(The input Opens)

Lemma polyh_col_mx m1 m2 n (M1 : 'M[R]_(m1, n)) (M2 : 'M[R]_(m2, n)) d1 d2 :
  polyh (col_mx M1 M2) (col_mx d1 d2) = polyh M1 d1 `&` polyh M2 d2.
Proof.
apply/seteqP; split=> x; rewrite /polyh /mxge /= mul_col_mx.
  move=> x_in; split=> i.
    by have := x_in (lshift m2 i); rewrite !col_mxEu.
  by have := x_in (rshift m1 i); rewrite !col_mxEd.
move=> [x_in1 x_in2] i; rewrite -(fintype.splitK i).
by case: (fintype.split i) => j; rewrite ?col_mxEu ?col_mxEd.
Qed.

End Polyhedra.

Theorem theorem4 (R : realType) (n m : nat) (A : 'M[R]_(m, n)) (b : 'cV[R]_m)
  (I : {set 'I_n}) (c : 'cV[R]_n)
  (T : finType) (mt : T -> nat)
  (D : forall t : T, 'M[R]_(mt t, n)) (D0 : forall t : T, 'cV[R]_(mt t))
  (p : T -> 'cV[R]_n) (q : T -> set 'cV[R]_n -> 'cV[R]_n)
  (alpha : 'cV[R]_n) (beta : R) :
  let P := polyh A b in
  let PI := [set x | P x /\ forall j, j \in I -> x j 0 \is a Num.int] in
  let Pt := fun t => [set x | P x /\ mxge (D t) (D0 t) x] in
  let calP := \bigcup_(t in [set: T])
      ([set p t] `|` [set q t E | E in [set E | edge (Pt t) E /\ E (p t)]]) in
  full_dimensional P ->
  pointed P ->
  PI `<=` closure (convex_hull (\bigcup_(t in [set: T]) Pt t)) ->
  (forall t, vertex (Pt t) (p t) /\
             (forall x, Pt t x -> dotv c (p t) <= dotv c x)) ->
  (forall t E, edge (Pt t) E -> E (p t) -> E (q t E) /\ q t E != p t) ->
  (forall y, calP y -> beta <= dotv alpha y) ->
  (forall t, dotv alpha (p t) = beta) ->
  forall x, PI x -> beta <= dotv alpha x.
Proof.
move=> P PI Pt calP _ _ PI_hull p_vertex q_edge calP_ge p_beta x PI_x.
have Pt_ge t : valid_ineq (Pt t) alpha beta.
  have Pt_rows : Pt t = ineq_set (fun i => (row i (col_mx A (D t)))^T)
                                 (fun i => col_mx b (D0 t) i 0).
    by rewrite -polyh_rows polyh_col_mx.
  rewrite Pt_rows -(p_beta t); apply: vertex_edge_optimal; rewrite -Pt_rows.
    exact: (p_vertex t).1.
  move=> E E_edge E_p; have [E_q q_neq_p] := q_edge t E E_edge E_p.
  exists (q t E); split=> //; rewrite p_beta; apply: calP_ge.
  by exists t => //; right; exists E.
apply: valid_ineq_closure (PI_hull _ PI_x).
by apply: valid_ineq_convex_hull => y [t _]; exact: Pt_ge.
Qed.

(The input Closes)

• What you should do: Return each line of the material in which the string "apply" can be found.

• Written response:
apply/seteqP; split=> x; rewrite /polyh /mxge /= mul_col_mx.
  rewrite Pt_rows -(p_beta t); apply: vertex_edge_optimal; rewrite -Pt_rows.
  exists (q t E); split=> //; rewrite p_beta; apply: calP_ge.
apply: valid_ineq_closure (PI_hull _ PI_x).
by apply: valid_ineq_convex_hull => y [t _]; exact: Pt_ge.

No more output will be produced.